Exercise details => Among the records below, find the line that has "<= (size (seq_of_opt x)).+4)%N."; from there, give the lines again exactly, and stop after the line that has "Section QuarticPencil.".

Saved entries
+ + + +
Lemma pencil_double_root A B Q k t z : k != 0 -> t != 0 -> (A * B).[z] != 0 ->
  Q = k%:P * wronskian A B ^+ 2 + t%:P * (A * B) ->
  root Q z -> root Q^`() z ->
  B.[z] ^+ 2 * disc_at A z = A.[z] ^+ 2 * disc_at B z.
Proof.
move=> k0 t0; rewrite /disc_at hornerM => ABz ->.
rewrite /root expr2 !derivE -expr2 !horner_evalE => /eqP Qz /eqP Q'z.
move: Qz Q'z ABz.
set a0 := A.[z]; set a1 := (A^`()).[z]; set a2 := (A^`()^`()).[z].
set b0 := B.[z]; set b1 := (B^`()).[z]; set b2 := (B^`()^`()).[z].
set w := a1 * b0 - a0 * b1 => Qz Q'z ABz.
have w0 : w != 0.
  apply: contra_neq t0 => w0; apply: (mulIf ABz).
  by rewrite mul0r -[RHS]Qz w0; ring.
(* eliminate [t] between [Q.[z] = 0] and [Q^`().[z] = 0] *)
have := congr2 (fun u v => u * (a0 * b0) - v * (a1 * b0 + a0 * b1)) Q'z Qz.
rewrite /= !mul0r subrr => elim_t.
have : k * w * (2%:R * (a2 * b0 - a0 * b2) * (a0 * b0) - w * (a1 * b0 + a0 * b1)) = 0.
  by rewrite -elim_t /w; ring.
move/eqP; rewrite !mulf_eq0 (negbTE k0) (negbTE w0) /= subr_eq0 => /eqP e.
apply/eqP; rewrite -subr_eq0; apply/eqP.
transitivity (w * (a1 * b0 + a0 * b1) - 2%:R * (a2 * b0 - a0 * b2) * (a0 * b0)).
  by rewrite /w; ring.
by rewrite -e subrr.
Qed.

Lemma wronskian_double_root A B z :
  root (wronskian A B) z -> root (wronskian A B)^`() z ->
  (A^`()).[z] * B.[z] = A.[z] * (B^`()).[z] /\
  B.[z] ^+ 2 * disc_at A z = A.[z] ^+ 2 * disc_at B z.
Proof.
rewrite deriv_wronskian /root /wronskian /disc_at !horner_evalE.
move=> /eqP /subr0_eq W0 /eqP /subr0_eq W'0; split=> //.
transitivity (((A^`()).[z] * B.[z]) ^+ 2
  - 2%:R * (A.[z] * B.[z]) * ((A^`()^`()).[z] * B.[z])); first ring.
rewrite W0 W'0; ring.
Qed.

Lemma size_sub_coef_eq (Q R : {poly C}) n : (size Q <= n.+1)%N -> (size R <= n.+1)%N ->
  Q`_n = R`_n -> (size (Q - R)%R <= n)%N.
Proof.
move=> sQ sR QRn; apply/leq_sizeP => j; rewrite leq_eqVlt => /orP[/eqP<-|nj].
  by rewrite coefB QRn subrr.
by rewrite coefB !nth_default ?subrr // (leq_trans _ nj).
Qed.

Lemma coef_sqr_Poly3 (w0 w1 w2 : C) :
  (Poly [:: w0; w1; w2] ^+ 2)`_4 = w2 ^+ 2 /\ (Poly [:: w0; w1; w2] ^+ 2)`_3 = 2%:R * w1 * w2.
Proof.
rewrite expr2 !coefM !big_ord_recl !big_ord0 /= !coef_cons !coefC /=.
by split; ring.
Qed.

Lemma size_sqr_Poly3 (w0 w1 w2 : C) : (size (Poly [:: w0; w1; w2] ^+ 2)%R <= 5)%N.
Proof.
apply: leq_trans (size_poly_exp_leq _ _) _.
by have := size_Poly [:: w0; w1; w2]; move: (size _) => n /=; lia.
Qed.

Lemma mup_ge2_root (Q : {poly C}) z : Q != 0 -> (2 <= mup z Q)%N ->
  root Q z /\ root Q^`() z.
Proof.
move=> Q0; rewrite mup_geq // => /dvdpP [R ->].
by rewrite /root expr2 !derivE !horner_evalE subrr !(mulr0, mul0r, addr0) eqxx.
Qed.

End Polynomials.

Section Pairings.
Variable C : fieldType.
Hypothesis two_neq0 : 2%:R != 0 :> C.

Lemma sum_sqr_diff_eq (y1 y2 y3 y4 : C) :
  y1 + y2 = y3 + y4 -> (y1 - y2) ^+ 2 = (y3 - y4) ^+ 2 -> y1 = y3 \/ y1 = y4.
Proof.
move=> sum_eq sqr_eq.
have : 4%:R * ((y1 - y3) * (y1 - y4)) = 0.
  transitivity ((y1 - y2) ^+ 2 - (y3 - y4) ^+ 2
                + (y3 + y4 - (y1 + y2)) * (y3 + y4 - 3%:R * y1 + y2)); first ring.
  by rewrite sqr_eq sum_eq !subrr mul0r addr0.
move/eqP; rewrite (natrM C 2 2) !mulf_eq0 (negbTE two_neq0) !subr_eq0 /=.
by case/orP => /eqP; [left | right].
Qed.

Lemma sqr_diff_pairings (y1 y2 y3 y4 : C) : uniq [:: y1; y2; y3; y4] ->
  (y1 - y2) ^+ 2 = (y3 - y4) ^+ 2 -> (y1 - y3) ^+ 2 = (y2 - y4) ^+ 2 ->
  (y1 - y4) ^+ 2 = (y2 - y3) ^+ 2 -> False.
Proof.
rewrite /= !inE !negb_or => /andP[/and3P[y12 y13 y14] _] e12 e13 e14.
set al := y1 - y2 - y3 + y4; set be := y1 - y2 + y3 - y4; set ga := y1 - y3 + y2 - y4.
have ab : al * be = 0.
  by rewrite -(subrr ((y3 - y4) ^+ 2)) -{1}e12 /al /be; ring.
have ag : al * ga = 0.
  by rewrite -(subrr ((y2 - y4) ^+ 2)) -{1}e13 /al /ga; ring.
have bg : be * ga = 0.
  by rewrite -(subrr ((y2 - y3) ^+ 2)) -{1}e14 /be /ga; ring.
have sum_neq0 (u v s : C) : u + v = 2%:R * (y1 - s) -> y1 != s -> u + v != 0.
  by move=> -> y1s; rewrite mulf_neq0 // subr_eq0.
have /sum_neq0 ab_neq0 : al + be = 2%:R * (y1 - y2) by rewrite /al /be; ring.
have /sum_neq0 ag_neq0 : al + ga = 2%:R * (y1 - y3) by rewrite /al /ga; ring.
have /sum_neq0 bg_neq0 : be + ga = 2%:R * (y1 - y4) by rewrite /be /ga; ring.
have [al0|al_neq0] := eqVneq al 0.
  move: bg ab_neq0 ag_neq0; rewrite al0 !add0r => /eqP.
  by rewrite mulf_eq0 => /orP[]/eqP-> => [/(_ y12)|_ /(_ y13)]; rewrite eqxx.
move: ab ag => /eqP; rewrite mulf_eq0 (negbTE al_neq0) => /eqP be0 /eqP.
rewrite mulf_eq0 (negbTE al_neq0) => /eqP ga0.
by move: (bg_neq0 y14); rewrite be0 ga0 addr0 eqxx.
Qed.

(* [None] stands for the point at infinity: its factor is dropped and
   1 / (z - infinity) is 0. *)
Definition oXsubC (u : option C) : {poly C} := if u is Some c then 'X - c%:P else 1.

Definition oinv_sub (z : C) (u : option C) : C := if u is Some c then (z - c)^-1 else 0.

Definition oXsubC2 u v := oXsubC u * oXsubC v.

Lemma horner_oXsubC u z : (oXsubC u).[z] = if u is Some c then z - c else 1.
Proof. by case: u => [c|]; rewrite /= !horner_evalE. Qed.

Lemma oinv_sub_inj z : {in [pred u | (oXsubC u).[z] != 0] &, injective (oinv_sub z)}.
Proof.
move=> [c|] [d|]; rewrite !inE !horner_oXsubC ?oner_eq0 //= => zc zd.
- by move/invr_inj/eqP; rewrite -subr_eq0 opprB addrC subrKA subr_eq0 => /eqP->.
- by move/eqP; rewrite invr_eq0 (negbTE zc).
- by move/esym/eqP; rewrite invr_eq0 (negbTE zd).
Qed.

Lemma disc_at_oXsubC2 u v z : (oXsubC2 u v).[z] != 0 ->
  disc_at (oXsubC2 u v) z = (oXsubC2 u v).[z] ^+ 2 * (oinv_sub z u - oinv_sub z v) ^+ 2.
Proof.
rewrite /disc_at /oXsubC2 hornerM !horner_oXsubC.
case: u => [c|]; case: v => [d|] /=; rewrite ?mulr1 ?mul1r => z_neq0;
  rewrite !derivE !horner_evalE; field;
  by move: z_neq0; rewrite ?mulf_eq0 ?negb_or 1?andbC.
Qed.

Lemma deriv_oXsubC2 u v z : (oXsubC2 u v).[z] != 0 ->
  ((oXsubC2 u v)^`()).[z] = (oXsubC2 u v).[z] * (oinv_sub z u + oinv_sub z v).
Proof.
rewrite /oXsubC2 hornerM !horner_oXsubC.
case: u => [c|]; case: v => [d|] /=; rewrite ?mulr1 ?mul1r => z_neq0;
  rewrite !derivE !horner_evalE; field;
  by move: z_neq0; rewrite ?mulf_eq0 ?negb_or 1?andbC.
Qed.

Lemma uniq_oinv_sub (u v w x : option C) z : uniq [:: u; v; w; x] ->
  (oXsubC2 u v * oXsubC2 w x).[z] != 0 ->
  uniq [:: oinv_sub z u; oinv_sub z v; oinv_sub z w; oinv_sub z x].
Proof.
rewrite /oXsubC2 !hornerM !mulf_eq0 !negb_or => uniq_s /andP[/andP[zu zv] /andP[zw zx]].
change (uniq (map (oinv_sub z) [:: u; v; w; x])); rewrite map_inj_in_uniq //.
by apply: sub_in2 (@oinv_sub_inj z) => y; rewrite !inE => /or4P[]/eqP->.
Qed.

Lemma pencil_double_root_pairs u v w x Q k t z : k != 0 -> t != 0 ->
  (oXsubC2 u v * oXsubC2 w x).[z] != 0 ->
  Q = k%:P * wronskian (oXsubC2 u v) (oXsubC2 w x) ^+ 2
      + t%:P * (oXsubC2 u v * oXsubC2 w x) ->
  root Q z -> root Q^`() z ->
  (oinv_sub z u - oinv_sub z v) ^+ 2 = (oinv_sub z w - oinv_sub z x) ^+ 2.
Proof.
move=> k0 t0 ABz eQ Qz Q'z; have := pencil_double_root k0 t0 ABz eQ Qz Q'z.
move: ABz; rewrite hornerM mulf_eq0 negb_or => /andP[Az Bz].
rewrite !disc_at_oXsubC2 // mulrCA.
by move=> /(mulfI (expf_neq0 2 Az)) /(mulfI (expf_neq0 2 Bz)).
Qed.

Lemma wronskian_double_root_pairs u v w x z :
  (oXsubC2 u v * oXsubC2 w x).[z] != 0 ->
  root (wronskian (oXsubC2 u v) (oXsubC2 w x)) z ->
  root (wronskian (oXsubC2 u v) (oXsubC2 w x))^`() z ->
  oinv_sub z u = oinv_sub z w \/ oinv_sub z u = oinv_sub z x.
Proof.
move=> ABz Wz W'z; have [sum_eq disc_eq] := wronskian_double_root Wz W'z.
move: ABz; rewrite hornerM mulf_eq0 negb_or => /andP[Az Bz].
apply: sum_sqr_diff_eq.
  move: sum_eq; rewrite !deriv_oXsubC2 // mulrAC mulrA.
  exact/mulfI/mulf_neq0.
move: disc_eq; rewrite !disc_at_oXsubC2 // mulrCA.
by move=> /(mulfI (expf_neq0 2 Az)) /(mulfI (expf_neq0 2 Bz)).
Qed.

End Pairings.

Section ExplicitPairings.
Variable C : fieldType.

Lemma wronskian_oXsubC2_Some (p q r s : C) :
  wronskian (oXsubC2 (Some p) (Some q)) (oXsubC2 (Some r) (Some s)) =
  Poly [:: p * q * (r + s) - (p + q) * (r * s); 2%:R * (r * s - p * q); p + q - r - s].
Proof. rewrite /wronskian /oXsubC2 /= !cons_poly_def !derivE; ring. Qed.

Lemma wronskian_oXsubC2_None (p q r : C) :
  wronskian (oXsubC2 (Some p) (Some q)) (oXsubC2 (Some r) None) =
  Poly [:: r * (p + q) - p * q; - (2%:R * r); 1].
Proof. rewrite /wronskian /oXsubC2 /= !cons_poly_def !derivE; ring. Qed.

Lemma prod_oXsubC2_Some (p q r s : C) :
  oXsubC2 (Some p) (Some q) * oXsubC2 (Some r) (Some s) =
  Poly [:: p * q * r * s; - (p * q * r + p * q * s + p * r * s + q * r * s);
           p * q + p * r + p * s + q * r + q * s + r * s; - (p + q + r + s); 1].
Proof. rewrite /oXsubC2 /= !cons_poly_def; ring. Qed.

(* A double zero of q at infinity: the analogue of [pencil_double_root_pairs]
   where 1 / (z - p) is replaced by p. *)
Lemma pencil_size_le3 (p q r s k t : C) Q : k != 0 -> t != 0 ->
  Q = k%:P * wronskian (oXsubC2 (Some p) (Some q)) (oXsubC2 (Some r) (Some s)) ^+ 2
      + t%:P * (oXsubC2 (Some p) (Some q) * oXsubC2 (Some r) (Some s)) ->
  (size Q <= 3)%N -> (p - q) ^+ 2 = (r - s) ^+ 2.
Proof.
rewrite wronskian_oXsubC2_Some prod_oXsubC2_Some => k0 t0 eQ sQ.
have [Q4 Q3] : Q`_4 = k * (p + q - r - s) ^+ 2 + t /\
    Q`_3 = k * (2%:R * (2%:R * (r * s - p * q)) * (p + q - r - s)) + t * - (p + q + r + s).
  rewrite eQ !coefD !coefCM !coef_Poly /= mulr1.
  by rewrite (coef_sqr_Poly3 _ _ _).1 (coef_sqr_Poly3 _ _ _).2.
set w1 := 2%:R * (r * s - p * q) in Q3; set w2 := p + q - r - s in Q4 Q3.
have [Q4_0 Q3_0] : Q`_4 = 0 /\ Q`_3 = 0 by split; apply: nth_default; apply: leq_trans sQ _.
have w2_neq0 : w2 != 0.
  apply: contra_neq t0 => w2_0.
  by move: Q4; rewrite Q4_0 w2_0 expr2 mul0r mulr0 add0r.
have : k * (w2 * w2) * (2%:R * w1 + w2 * (p + q + r + s)) = 0.
  transitivity (w2 * Q`_3 + (p + q + r + s) * w2 * Q`_4); first by rewrite Q3 Q4; ring.
  by rewrite Q4_0 Q3_0; ring.
move/eqP; rewrite !mulf_eq0 (negbTE k0) (negbTE w2_neq0) /= => /eqP key.
apply/eqP; rewrite -subr_eq0; apply/eqP.
by rewrite -key /w1 /w2; ring.
Qed.
Lemma uniq_poles (a b c : C) x :
  uniq [:: a, b, c & seq_of_opt x] -> uniq [:: Some a; Some b; Some c; x].
Proof. by case: x => [d|] /=; rewrite !inE !(inj_eq Some_inj) //= !orbF. Qed.

Lemma prod_XsubC_pairing (p q r : C) x :
  \prod_(z <- [:: p, q, r & seq_of_opt x]) ('X - z%:P) =
  oXsubC2 (Some p) (Some q) * oXsubC2 (Some r) x.
Proof. by case: x => [d|]; rewrite /oXsubC2 /= !big_cons big_nil /=; ring. Qed.

Lemma size_pencil_remainder (p q r k : C) (x : option C) (Q : {poly C}) :
  (size Q <= 5)%N -> (x = None -> Q`_4 = k) ->
  (size (Q - k%:P * wronskian (oXsubC2 (Some p) (Some q)) (oXsubC2 (Some r) x) ^+ 2)%R
    <= (size (seq_of_opt x)).+4)%N.
Proof.
have size_kW2 (w0 w1 w2 : C) : (size (k%:P * Poly [:: w0; w1; w2] ^+ 2)%R <= 5)%N.
  by rewrite mul_polyC; apply: leq_trans (size_scale_leq _ _) (size_sqr_Poly3 _ _ _).
case: x => [d|] sQ Q4; rewrite ?wronskian_oXsubC2_Some ?wronskian_oXsubC2_None /=.
  apply: leq_trans (size_polyD _ _) _.
  by rewrite size_polyN geq_max sQ size_kW2.
apply: size_sub_coef_eq sQ (size_kW2 _ _ _) _.
by rewrite Q4 // coefCM (coef_sqr_Poly3 _ _ _).1 expr1n mulr1.
Qed.

End ExplicitPairings.

(* q = (Q / P^2) dz^2 has poles at a, b, c and at x (x = None: at infinity). *)
Section QuarticPencil.
Variables (C : fieldType) (a b c k : C) (x : option C) (Q : {poly C}).
Hypothesis two_neq0 : 2%:R != 0 :> C.

Local Notation F := [:: a, b, c & seq_of_opt x].
Local Notation P := (\prod_(z <- F) ('X - z%:P)).
Local Notation W p q r := (wronskian (oXsubC2 (Some p) (Some q)) (oXsubC2 (Some r) x)).
Local Notation AB p q r := (oXsubC2 (Some p) (Some q) * oXsubC2 (Some r) x).

Hypotheses (uniq_F : uniq F) (k_neq0 : k != 0).
Hypotheses (size_Q : (size Q <= 5)%N) (coef4_Q : x = None -> Q`_4 = k).
Hypothesis Q_poles : {in F, forall z, Q.[z] = k * (P^`()).[z] ^+ 2}.
Hypothesis Q_poles_neq0 : {in F, forall z, ~~ root Q z}.

Let perm_acb : perm_eq [:: a; c; b] [:: a; b; c].
Proof. by apply/permP => pr /=; lia. Qed.

Let perm_bca : perm_eq [:: b; c; a] [:: a; b; c].
Proof. by apply/permP => pr /=; lia. Qed.

Lemma perm_poles p q r : perm_eq [:: p; q; r] [:: a; b; c] ->
  perm_eq [:: p, q, r & seq_of_opt x] F.
Proof. by rewrite -(perm_cat2r (seq_of_opt x)). Qed.

Lemma pairing_pencil p q r : perm_eq [:: p; q; r] [:: a; b; c] ->
  exists t, Q = k%:P * W p q r ^+ 2 + t%:P * AB p q r.
Proof.
move=> /perm_poles pqr; rewrite -prod_XsubC_pairing.
apply: pencil_prod_XsubC; first by rewrite (perm_uniq pqr).
  move=> z; rewrite (perm_mem pqr) => zF.
  rewrite hornerCM horner_exp wronskian_sqr_root.
    by rewrite -prod_XsubC_pairing (perm_big _ pqr) Q_poles.
  by rewrite -prod_XsubC_pairing root_prod_XsubC (perm_mem pqr).
by rewrite size_prod_XsubC; apply: size_pencil_remainder.
Qed.

Lemma deriv_poles_neq0 z : z \in F -> (P^`()).[z] != 0.
Proof.
move=> zF; apply: contra (Q_poles_neq0 zF) => /eqP P'z.
by rewrite /root Q_poles // P'z expr2 !mulr0.
Qed.

Lemma root_pairing p q r z : perm_eq [:: p; q; r] [:: a; b; c] ->
  root (AB p q r) z = (z \in F).
Proof.
by move=> pqr; rewrite -prod_XsubC_pairing root_prod_XsubC (perm_mem (perm_poles pqr)).
Qed.

Lemma deriv_pairing p q r : perm_eq [:: p; q; r] [:: a; b; c] ->
  (AB p q r)^`() = P^`().
Proof. by move=> pqr; rewrite -prod_XsubC_pairing (perm_big _ (perm_poles pqr)). Qed.

Lemma uniq_pairing p q r : perm_eq [:: p; q; r] [:: a; b; c] ->
  uniq [:: Some p; Some q; Some r; x].
Proof. by move=> pqr; apply: uniq_poles; rewrite (perm_uniq (perm_poles pqr)). Qed.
+ + + +
Result of the task =>
    <= (size (seq_of_opt x)).+4)%N.
Proof.
have size_kW2 (w0 w1 w2 : C) : (size (k%:P * Poly [:: w0; w1; w2] ^+ 2)%R <= 5)%N.
  by rewrite mul_polyC; apply: leq_trans (size_scale_leq _ _) (size_sqr_Poly3 _ _ _).
case: x => [d|] sQ Q4; rewrite ?wronskian_oXsubC2_Some ?wronskian_oXsubC2_None /=.
  apply: leq_trans (size_polyD _ _) _.
  by rewrite size_polyN geq_max sQ size_kW2.
apply: size_sub_coef_eq sQ (size_kW2 _ _ _) _.
by rewrite Q4 // coefCM (coef_sqr_Poly3 _ _ _).1 expr1n mulr1.
Qed.

End ExplicitPairings.

(* q = (Q / P^2) dz^2 has poles at a, b, c and at x (x = None: at infinity). *)
Section QuarticPencil.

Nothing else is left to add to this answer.